Over the course of the film, you map this downward spiral from optimistic reveries to outright paranoia, much of which stems from a few theoretical concerns—whether or not we can trust the images in front of us, whether or not we can trust our own eyes, and whether or not the images our eyes see have been mediated or altered by some other thing. I can’t help but feel these are some of the big existential questions of our time right now—increasingly so. Was that something you were conscious of addressing when you were starting this project?
Absolutely. From the beginning I spent a long time asking myself hard questions about why I would shoot this on film, or if I would at all. On one hand, medium specificity is just part of my practice. I have historically shot on film, and maybe I don’t need to justify that. On the other hand, I was considering how it relates to the other questions that I’m asking, and one of them has to do with this huge discourse around indexicality. Not to get super academic on you again, but there is this question—and it’s open ended—about whether we can trust this direct relationship between film and the real. I think film scholars like Tom Gunning, Marianne Doan, and others have written a lot about this to really draw that into question. Can we even say that a film image, a photochemical image, indexes the real? I’m not going to try and answer any of those academic questions, but part of my own set of questions is, why I would shoot on film in the first place. Part of it has to do with the fact that I’m there with it. I can give you the negative. I can prove that I was there. Whereas with a digital image, I could go to great lengths to fabricate the negative that’s purportedly from there. In the story of the film AI fire detection is introduced. In most of California, the majority of human lookouts have been replaced by cameras, and there’s a robust AI detection system that is about to just take over the whole thing. With this looming question of AI detection, I’ve asked myself what gets lost in that process. It’s the human experience. In the times that we’re in right now, that comes with a lot of experiences of paranoia, schizophrenia, and a lot of mental health issues.
The John Smith film The Black Tower is a great reference for this film, particularly the point when I go to Fresno. On one hand, Smith’s film obliterates the subject, the black tower, over the course of the film.
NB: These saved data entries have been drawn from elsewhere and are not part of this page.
Let catalan_gf (z : {poly rat}) := gf N z (fun m => (catalan m)%:P).

Lemma head_sum_kernelD (q : {poly rat}) : q`_0 = 0 ->
  eq_modX N (2%:R * gf N q (fun m => head_sum m (1 + q))) (1 + (1 + q) * catalan_gf (q * (1 + q))).
Proof.
move=> q0; have := gf_shift_modX N (fun m => head_sum m (1 + q)) q0.
have -> : q * gf N q (fun m => head_sum m.+1 (1 + q)) =
    (1 + q) * catalan_gf (q * (1 + q)) - gf N q (fun m => head_sum m (1 + q)).
  rewrite -gfMl -gf_exprS -gfB; apply: eq_gf => m.
  by rewrite -head_sum_rec (_ : 1 + q - 1 = q) //; ring.
by rewrite head_sum0 => /eq_modX_sym; apply: eq_modX_rearrange; ring.
Qed.

Lemma head_sum_kernelB (q : {poly rat}) : q`_0 = 0 ->
  eq_modX N 1 ((1 - q) * catalan_gf (q * (1 - q))).
Proof.
move=> q0; have := gf_shift_modX N (fun m => head_sum m (1 - q)) q0.
have -> : q * gf N q (fun m => head_sum m.+1 (1 - q)) =
    gf N q (fun m => head_sum m (1 - q)) - (1 - q) * catalan_gf (q * (1 - q)).
  rewrite -gfMl -gf_exprS -gfB; apply: eq_gf => m.
  have := head_sum_rec m (1 - q); rewrite (_ : 1 - q - 1 = - q) ?mulNr; last by ring.
  by move/eqP; rewrite eqr_oppLR => /eqP ->; ring.
by rewrite head_sum0; apply: eq_modX_rearrange; ring.
Qed.

Let E := gf N 'X (fun m => head_sum m (1 + 'X)).
Let G := gf N 'X second_sum.
Let H := gf N 'X ascent_sum.
Let V := catalan_gf ('X * (1 + 'X)).
Let I_poly := trunc N (fun i => (I_count i)%:R).

Let X0 : ('X : {poly rat})`_0 = 0. Proof. by rewrite coefX. Qed.

Lemma geo_modX : eq_modX N ((1 - 'X) * geo N) 1.
Proof. by rewrite /eq_modX mul1subX_geo addrAC subrr add0r dvdpNr. Qed.

Lemma I_gf_eqn : eq_modX N ((1 - 'X) * I_poly) (E - 'X * G).
Proof.
apply: eq_modX_trans (eq_modXMl (1 - 'X) (I_count_trunc_modX N)) _.
by apply: eq_modX_rearrange (eq_modXMl (E - G) geo_modX); rewrite -/E -/G; ring.
Qed.

Lemma second_gf_eqn : eq_modX N ((1 - 'X) * G) (1 + 'X * H).
Proof.
have := gf_shift_modX N second_sum X0.
rewrite (eq_gf N 'X second_sumS) gfD mulrDr second_sum0 -/G -/H => /eq_modX_sym.
by apply: eq_modX_rearrange; ring.
Qed.

Lemma ascent_gf_eqn : eq_modX N (2%:R * 'X * H) ((1 + 'X) * (E - 1) - 'X * E).
Proof.
have := gf_shift_modX N ascent_sum X0; rewrite ascent_sum0 subr0 -/H => shiftH.
have := gf_shift_modX N (fun m => head_sum m (1 + 'X)) X0.
rewrite head_sum0 -/E => shiftE.
set A := gf N 'X (fun m => ascent_sum m.+1) in shiftH *.
set B := gf N 'X (fun m => head_sum m.+1 (1 + 'X)) in shiftE *.
have recA : 'X * A = (1 + 'X) * B - E - H.
  by rewrite -!gfMl -!gfB; apply: eq_gf => m; rewrite ascent_sum_rec.
rewrite /eq_modX recA in shiftH *.
rewrite (_ : _ - _ = (1 + 'X) * ('X * B - (E - 1)) - 'X * ((1 + 'X) * B - E - H - H)).
  by apply: dvdp_sub; apply: dvdp_mull.
by ring.
Qed.

Section SquareRoot.
Variable s : {poly rat}.
Hypothesis s0 : s`_0 = 1.
Hypothesis s_sqrt : eq_modX N (s * s) (1 - 4%:R *: 'X - 4%:R *: 'X^2).

Let u := (2%:R^-1)%:P * (1 - s).

Lemma sqrt_kernel_root : s = 1 - 2%:R * u.
Proof.
by rewrite /u mulrA -polyC_natr -polyCM mulfV ?pnatr_eq0 // mul1r opprB addrC subrK.
Qed.

Lemma kernel_root0 : u`_0 = 0.
Proof. by rewrite /u coefCM coefB coef1 s0 subrr mulr0. Qed.

Lemma kernel_root_eqn : eq_modX N (u * (1 - u)) ('X * (1 + 'X)).
Proof.
move: s_sqrt; rewrite /eq_modX sqrt_kernel_root !scaler_nat => dvd_s.
have inv4 : (4%:R^-1)%:P * 4%:R = 1 :> {poly rat}.
  by rewrite -polyC_natr -polyCM mulVf ?pnatr_eq0.
rewrite -[_ - _]mul1r -{1}inv4 -mulrA.
rewrite (_ : 4%:R * _ = - ((1 - 2%:R * u) * (1 - 2%:R * u) -
    (1 - 'X *+ 4 - 'X ^+ 2 *+ 4))); last by ring.
by rewrite dvdp_mull // dvdpNr.
Qed.

Lemma catalan_gf_kernel_root : eq_modX N ((1 - u) * V) 1.
Proof.
apply: eq_modX_sym; apply: eq_modX_trans (head_sum_kernelB kernel_root0) _.
exact/eq_modXMl/eq_modX_gf/kernel_root_eqn.
Qed.

Lemma kernel_rootE : eq_modX N ('X * (1 + 'X) * V) u.
Proof.
apply: eq_modX_trans (eq_modXM (eq_modX_sym kernel_root_eqn) (eq_modX_refl N V)) _.
by rewrite -mulrA -[u in X in eq_modX _ _ X]mulr1; apply: eq_modXMl catalan_gf_kernel_root.
Qed.

Lemma I_gf_closed_form :
  eq_modX N (8%:R *: ('X * (1 - 'X) ^+ 2) * I_poly)
    (2%:R + 'X - 10%:R *: 'X^2 + 4%:R *: 'X^3 - (2%:R - 3%:R *: 'X) * s).
Proof.
move: I_gf_eqn second_gf_eqn ascent_gf_eqn (head_sum_kernelD X0) kernel_rootE.
rewrite /eq_modX -/V => I_eqn G_eqn H_eqn E_eqn V_eqn.
rewrite sqrt_kernel_root !scaler_nat.
(* The multipliers eliminate G, H, E and V from the five congruences. *)
rewrite (_ : _ - _ = 8%:R * 'X * (1 - 'X) * ((1 - 'X) * I_poly - (E - 'X * G))
  + (- 8%:R * 'X ^+ 2) * ((1 - 'X) * G - (1 + 'X * H))
  + (- 4%:R * 'X ^+ 2) * (2%:R * 'X * H - ((1 + 'X) * (E - 1) - 'X * E))
  + (4%:R * 'X - 6%:R * 'X ^+ 2) * (2%:R * E - (1 + (1 + 'X) * V))
  + (4%:R - 6%:R * 'X) * ('X * (1 + 'X) * V - u)); last by rewrite /V; ring.
by repeat apply: dvdp_add; apply: dvdp_mull.
Qed.

End SquareRoot.

End Kernel.

Theorem mainTheorem3 (s : fps) :
  s 0%N = 1 ->
  (forall n, fps_mul s s n = fps_of_poly (1 - 4%:R *: 'X - 4%:R *: 'X^2) n) ->
  forall n : nat,
    fps_mul (fps_of_poly (8%:R *: ('X * (1 - 'X) ^+ 2)))
            (fun k => (I_count k)%:R) n
    = fps_of_poly (2%:R + 'X - 10%:R *: 'X^2 + 4%:R *: 'X^3) n
      - fps_mul (fps_of_poly (2%:R - 3%:R *: 'X)) s n.
Proof.
move=> s0 s_sqrt n.
have s0_trunc : (trunc n s)`_0 = 1 by rewrite coef_poly.
have trunc_sqrt : eq_modX n (trunc n s * trunc n s) (1 - 4%:R *: 'X - 4%:R *: 'X^2).
  by apply/eq_modXP => k le_kn; rewrite coef_trunc_mul.
move/eq_modXP: (I_gf_closed_form s0_trunc trunc_sqrt) => /(_ n (leqnn n)).
by rewrite coefB !coef_mul_trunc.
Qed.
(* Let $\mathbb{H}\in\{\mathbb{R},\mathbb{C}\}$, let $A\in\mathbb{H}^{M\times N}$ be deterministic, let $x\in\mathbb{H}^N$, $e^z\in\mathbb{H}^M$, $e^y\in\mathbb{R}^M$ be random vectors, let $f:\mathbb{H}\to\mathbb{R}$ be measurable, and $y=f(Ax+e^z)+e^y$ (entrywise $f$). Let $\mathcal{T}:\mathbb{R}\to\mathbb{R}$ be a measurable preprocessing function applied entrywise, assume $\mathbb{E}[\mathcal{T}(y_m)^2]<\infty$ for all $m$ and $\mathbb{E}[\|x\|_2^4]<\infty$. Define $\overline{\mathcal{T}}(y)=\mathbb{E}[\mathcal{T}(y)]$, $K_x=\mathbb{E}[xx^H]$, $T=\mathbb{E}[(\mathcal{T}(y)-\overline{\mathcal{T}}(y))(\mathcal{T}(y)-\overline{\mathcal{T}}(y))^T]$, assume $T$ is full rank, let $t$ solve $Tt=\mathcal{T}(y)-\overline{\mathcal{T}}(y)$, $V_m=\mathbb{E}[(\mathcal{T}(y_m)-\overline{\mathcal{T}}(y_m))(xx^H-K_x)]$, and $D_y=K_x+\sum_{m=1}^Mt_mV_m$. Let $\hat x\in\mathbb{H}^N$ be a minimizer of $\|D_y-\tilde x\tilde x^H\|_F^2$ over $\tilde x\in\mathbb{H}^N$. Then $$\mathbb{E}\big[\|\hat x\hat x^H-xx^H\|_F^2\big]\le 4\,\mathbb{E}\big[\|D_y-xx^H\|_F^2\big].$$
   Context: Expectations are taken jointly over $x$, $e^z$, $e^y$; $A$ is deterministic. For $\mathbb{H}=\mathbb{R}$, $H$ denotes transpose. $\|\cdot\|_F$ is the Frobenius norm. *)

From HB Require Import structures.
From mathcomp Require Import all_boot all_order all_algebra.
From mathcomp Require Import all_classical all_reals all_analysis.
From mathcomp Require Import complex.
Set Implicit Arguments. Unset Strict Implicit. Unset Printing Implicit Defensive.
Import Order.TTheory GRing.Theory Num.Theory.
Local Open Scope ring_scope.

Section Defs.
Variable R : realType.
Local Notation C := (complex R).

Definition sqmod (z : C) : R := complex.Re z ^+ 2 + complex.Im z ^+ 2.

Definition adjmx m n (A : 'M[C]_(m, n)) : 'M[C]_(n, m) :=
  (map_mx (@conjc R) A)^T.

Definition frob2 m n (A : 'M[C]_(m, n)) : R :=
  \sum_(i < m) \sum_(j < n) sqmod (A i j).

Definition outer n (v : 'cV[C]_n) : 'M[C]_n := v *m adjmx v.

(* H = R (realcase = true) viewed inside C, or H = C (realcase = false) *)
Definition inH (realcase : bool) (z : C) : Prop := realcase -> complex.Im z = 0.
Definition inHmx (realcase : bool) m n (A : 'M[C]_(m, n)) : Prop :=
  forall i j, inH realcase (A i j).

Context d (Omega : measurableType d) (P : probability Omega R).

Definition EE (g : Omega -> R) : R := fine (\int[P]_w (g w)%:E)%E.
Definition EC (g : Omega -> C) : C :=
  Complex (EE (fun w => complex.Re (g w))) (EE (fun w => complex.Im (g w))).

Definition rvC (g : Omega -> C) : Prop :=
  measurable_fun setT (fun w => complex.Re (g w)) /\
  measurable_fun setT (fun w => complex.Im (g w)).
Definition rvCmx m n (X : Omega -> 'M[C]_(m, n)) : Prop :=
  forall i j, rvC (fun w => X w i j).
Definition rvRmx m n (X : Omega -> 'M[R]_(m, n)) : Prop :=
  forall i j, measurable_fun setT (fun w => X w i j).

End Defs.

Definition measurable_cplx (R : realType) (f : complex R -> R) : Prop :=
  measurable_fun setT (fun p : R * R => f (Complex p.1 p.2)).

From HB Require Import structures.
From mathcomp Require Import all_boot all_order all_algebra.
From mathcomp Require Import all_classical all_reals all_analysis.
From mathcomp Require Import complex.
From mathcomp Require Import measurable_realfun ring.
Set Implicit Arguments.
Unset Strict Implicit.
Unset Printing Implicit Defensive.

Import Order.TTheory GRing.Theory Num.Theory.
Local Open Scope ring_scope.

(* Since x itself is an admissible candidate, the minimiser xh satisfies
   |D - xh xh^H| <= |D - x x^H| pointwise in the Frobenius norm, so
   |xh xh^H - x x^H|^2 <= 2 |xh xh^H - D|^2 + 2 |D - x x^H|^2
   <= 4 |D - x x^H|^2.  Integrating gives the claim.  The estimator D depends
   on the solution t of T t = T(y) - E T(y), which is not assumed measurable,
   so the integral is compared only through its measurable left-hand side. *)

Lemma ge0_le_integral_nonmeasurable d (T : measurableType d) (R : realType)
    (mu : {measure set T -> \bar R}) (f g : T -> \bar R) :
  (forall x, (0 <= f x)%E) -> (forall x, (f x <= g x)%E) ->
  (\int[mu]_x f x <= \int[mu]_x g x)%E.
Proof.
move=> f0 fg.
have g0 x : (0 <= g x)%E by apply: le_trans (f0 x) (fg x).
rewrite !ge0_integralTE//.
apply: ereal_sup_le => _ [h hf <-]; exists h => //= x.
exact: le_trans (hf x) (fg x).
Qed.

Lemma ge0_le_integralZl_nonmeasurable d (T : measurableType d) (R : realType)
    (mu : {measure set T -> \bar R}) (g h : T -> R) (k : R) :
  0 < k -> measurable_fun setT g -> (forall x, 0 <= g x) ->
  (forall x, g x <= k * h x) ->
  (\int[mu]_x (g x)%:E <= k%:E * \int[mu]_x (h x)%:E)%E.
Proof.
move=> k0 mg g0 gkh.
have gk0 x : (0 <= (g x / k)%:E)%E by rewrite lee_fin divr_ge0 // ltW.
have mgk : measurable_fun setT (fun x => (g x / k)%:E).
  by apply/measurable_EFinP; apply: measurable_funM.
rewrite (_ : (fun x => (g x)%:E) = fun x => (k%:E * (g x / k)%:E)%E); last first.
  by apply/funext => x; rewrite -EFinM mulrC divfK // gt_eqF.
rewrite ge0_integralZl_EFin //; last exact: ltW.
apply: lee_wpmul2l; first by rewrite lee_fin ltW.
apply: ge0_le_integral_nonmeasurable => // x.
by rewrite lee_fin ler_pdivrMr // mulrC; exact: gkh.
Qed.

Lemma sqrrD_le2 (R : realDomainType) (a b : R) :
  (a + b) ^+ 2 <= 2 * a ^+ 2 + 2 * b ^+ 2.
Proof.
rewrite -subr_ge0 (_ : _ - _ = (a - b) ^+ 2) ?sqr_ge0 //; ring.
Qed.

Section Frobenius.
Variable R : realType.
Local Notation C := (complex R).

Lemma sqmod_ge0 (u : C) : 0 <= sqmod u.
Proof. by rewrite /sqmod addr_ge0 // sqr_ge0. Qed.

Lemma sqmodN (u : C) : sqmod (- u) = sqmod u.
Proof. by case: u => a b; rewrite /sqmod /= !sqrrN. Qed.

Lemma sqmodD_le2 (u v : C) : sqmod (u + v) <= 2 * sqmod u + 2 * sqmod v.
Proof.
case: u => a b; case: v => a' b'; rewrite /sqmod /=.
by rewrite !mulrDr addrACA lerD // sqrrD_le2.
Qed.

Lemma frob2_ge0 m n (A : 'M[C]_(m, n)) : 0 <= frob2 A.
Proof. by apply: sumr_ge0 => i _; apply: sumr_ge0 => j _; exact: sqmod_ge0. Qed.

Lemma frob2_subC m n (A B : 'M[C]_(m, n)) : frob2 (A - B) = frob2 (B - A).
Proof.
rewrite /frob2; apply: eq_bigr => i _; apply: eq_bigr => j _.
by rewrite !mxE -opprB sqmodN.
Qed.

Lemma frob2D_le2 m n (A B : 'M[C]_(m, n)) :
  frob2 (A + B) <= 2 * frob2 A + 2 * frob2 B.
Proof.
rewrite /frob2 !mulr_sumr -big_split /=; apply: ler_sum => i _.
rewrite !mulr_sumr -big_split /=; apply: ler_sum => j _.
by rewrite !mxE; exact: sqmodD_le2.
Qed.

Lemma frob2_sub_le4_closer m n (D B X : 'M[C]_(m, n)) :
  frob2 (D - B) <= frob2 (D - X) -> frob2 (B - X) <= 4 * frob2 (D - X).
Proof.
move=> closer; have := frob2D_le2 (B - D) (D - X).
rewrite addrA subrK => /le_trans; apply.
rewrite frob2_subC (_ : 4 * _ = 2 * frob2 (D - X) + 2 * frob2 (D - X)).
  by rewrite lerD2r ler_wpM2l.
by ring.
Qed.

End Frobenius.

Section ComplexMeasurability.
Variables (R : realType) (d : measure_display) (Omega : measurableType d).
Local Notation C := (complex R).
Implicit Types g h : Omega -> C.

Lemma rvC_sub g h : rvC g -> rvC h -> rvC (fun w => g w - h w).
Proof.
move=> [g1 g2] [h1 h2]; split.
- rewrite (_ : (fun w => _) = fun w => complex.Re (g w) - complex.Re (h w)).
    exact: measurable_funB.
  by apply/funext => w; case: (g w); case: (h w).
- rewrite (_ : (fun w => _) = fun w => complex.Im (g w) - complex.Im (h w)).
    exact: measurable_funB.
  by apply/funext => w; case: (g w); case: (h w).
Qed.

Lemma rvC_mul g h : rvC g -> rvC h -> rvC (fun w => g w * h w).
Proof.
move=> [g1 g2] [h1 h2]; split.
- rewrite (_ : (fun w => _) = fun w => complex.Re (g w) * complex.Re (h w)
     - complex.Im (g w) * complex.Im (h w)).
    by apply: measurable_funB; apply: measurable_funM.
  by apply/funext => w; case: (g w); case: (h w).
- rewrite (_ : (fun w => _) = fun w => complex.Re (g w) * complex.Im (h w)
     + complex.Im (g w) * complex.Re (h w)).
    by apply: measurable_funD; apply: measurable_funM.
  by apply/funext => w; case: (g w); case: (h w).
Qed.

Lemma rvC_conj g : rvC g -> rvC (fun w => conjc (g w)).
Proof.
move=> [g1 g2]; split.
- rewrite (_ : (fun w => _) = fun w => complex.Re (g w)) //.
  by apply/funext => w; case: (g w).
- rewrite (_ : (fun w => _) = fun w => - complex.Im (g w)).
    exact: measurableT_comp.
  by apply/funext => w; case: (g w).
Qed.

Lemma measurable_sqmod g : rvC g -> measurable_fun setT (fun w => sqmod (g w)).
Proof. by move=> [g1 g2]; apply: measurable_funD; apply: measurable_funX. Qed.

Lemma rvCmx_sub m n (X Y : Omega -> 'M[C]_(m, n)) :
  rvCmx X -> rvCmx Y -> rvCmx (fun w => X w - Y w).
Proof.
move=> rX rY i j; rewrite (_ : (fun w => _) = fun w => X w i j - Y w i j).
  exact: rvC_sub.
by apply/funext => w; rewrite !mxE.
Qed.

Lemma rvCmx_outer n (a : Omega -> 'cV[C]_n) :
  rvCmx a -> rvCmx (fun w => outer (a w)).
Proof.
move=> ra i j; rewrite (_ : (fun w => _) = fun w => a w i ord0 * conjc (a w j ord0)).
  by apply: rvC_mul => //; apply: rvC_conj.
by apply/funext => w; rewrite !mxE big_ord1 !mxE.
Qed.

Lemma measurable_frob2 m n (X : Omega -> 'M[C]_(m, n)) :
  rvCmx X -> measurable_fun setT (fun w => frob2 (X w)).
Proof.
move=> rX; apply: measurable_sum => i; apply: measurable_sum => j.
exact: measurable_sqmod.
Qed.

End ComplexMeasurability.

Theorem corollary1 (R : realType) (d : measure_display) (Omega : measurableType d)
    (P : probability Omega R) (realcase : bool) (M N : nat)
    (A : 'M[complex R]_(M, N))
    (x : Omega -> 'cV[complex R]_N) (ez : Omega -> 'cV[complex R]_M)
    (ey : Omega -> 'cV[R]_M)
    (f : complex R -> R) (Tc : R -> R)
    (t : Omega -> 'cV[R]_M) (xh : Omega -> 'cV[complex R]_N) :
  inHmx realcase A ->
  (forall w, inHmx realcase (x w)) ->
  (forall w, inHmx realcase (ez w)) ->
  rvCmx x -> rvCmx ez -> rvRmx ey ->
  measurable_cplx f -> measurable_fun setT Tc ->
  let y : Omega -> 'cV[R]_M :=
    fun w => \col_m (f ((A *m x w + ez w) m ord0) + ey w m ord0) in
  (forall m : 'I_M, (\int[P]_w ((Tc (y w m ord0)) ^+ 2)%:E < +oo)%E) ->
  (\int[P]_w ((\sum_(i < N) sqmod (x w i ord0)) ^+ 2)%:E < +oo)%E ->
  let Tbar : 'cV[R]_M := \col_m EE P (fun w => Tc (y w m ord0)) in
  let ctr : Omega -> 'cV[R]_M := fun w => \col_m (Tc (y w m ord0) - Tbar m ord0) in
  let Kx : 'M[complex R]_N := \matrix_(i, j) EC P (fun w => outer (x w) i j) in
  let Tm : 'M[R]_M := \matrix_(i, j) EE P (fun w => ctr w i ord0 * ctr w j ord0) in
  \rank Tm = M ->
  (forall w, Tm *m t w = ctr w) ->
  let V : 'I_M -> 'M[complex R]_N := fun m =>
    \matrix_(i, j) EC P (fun w => (ctr w m ord0)%:C%C * (outer (x w) i j - Kx i j)) in
  let D : Omega -> 'M[complex R]_N := fun w =>
    Kx + \sum_(m < M) (t w m ord0)%:C%C *: V m in
  rvCmx xh ->
  (forall w, inHmx realcase (xh w) /\
     forall xt : 'cV[complex R]_N, inHmx realcase xt ->
       frob2 (D w - outer (xh w)) <= frob2 (D w - outer xt)) ->
  (\int[P]_w (frob2 (outer (xh w) - outer (x w)))%:E
     <= 4%:E * \int[P]_w (frob2 (D w - outer (x w)))%:E)%E.
Proof.
move=> _ hx _ rx _ _ _ _ y _ _ Tbar ctr Kx Tm _ _ V D rxh hmin.
apply: ge0_le_integralZl_nonmeasurable => // [|w|w].
- by apply: measurable_frob2; apply: rvCmx_sub; apply: rvCmx_outer.
- exact: frob2_ge0.
- apply: frob2_sub_le4_closer.
  by have [_ minimal] := hmin w; exact: minimal (hx w).
Qed.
But it’s also a great representation of what happens internally, mentally for somebody who’s experiencing paranoia. At the end of the Fresno section in Smoke, there’s a tower that is the source of my, or the narrator’s, paranoia. It says Security Bank on it, and I thought it was a useful, simple representation of the visible regime of capitalism always looming over you.
But even on a more basic level, what happens when you spend a lot of time by yourself, when you hear voices, literally, through the radio, but you don’t interact with anybody? The tether between madness and reason gets thinner. I think that’s a really interesting place of exploration.
There is a moment early in the film, and repeated once later on, in which your fire lookout mentor, Mich, is showing you photographs of the aftermath of the 2015 Rough Fire from various positions in the lookout, and she’s pointing out these small details where there’s lingering damage. Personally, I couldn’t see any differences in the landscape, so there was a tension between trying to take this expert at her word, and trying to put myself in your shoes—as someone who is inexperienced at that point in the film. Even though the photographs showed the aftermath rather than fire itself, it introduced this same dilemma of trusting yourself to accurately interpret an image. I found those two instances where we’re looking at those photographs really interesting and troubling.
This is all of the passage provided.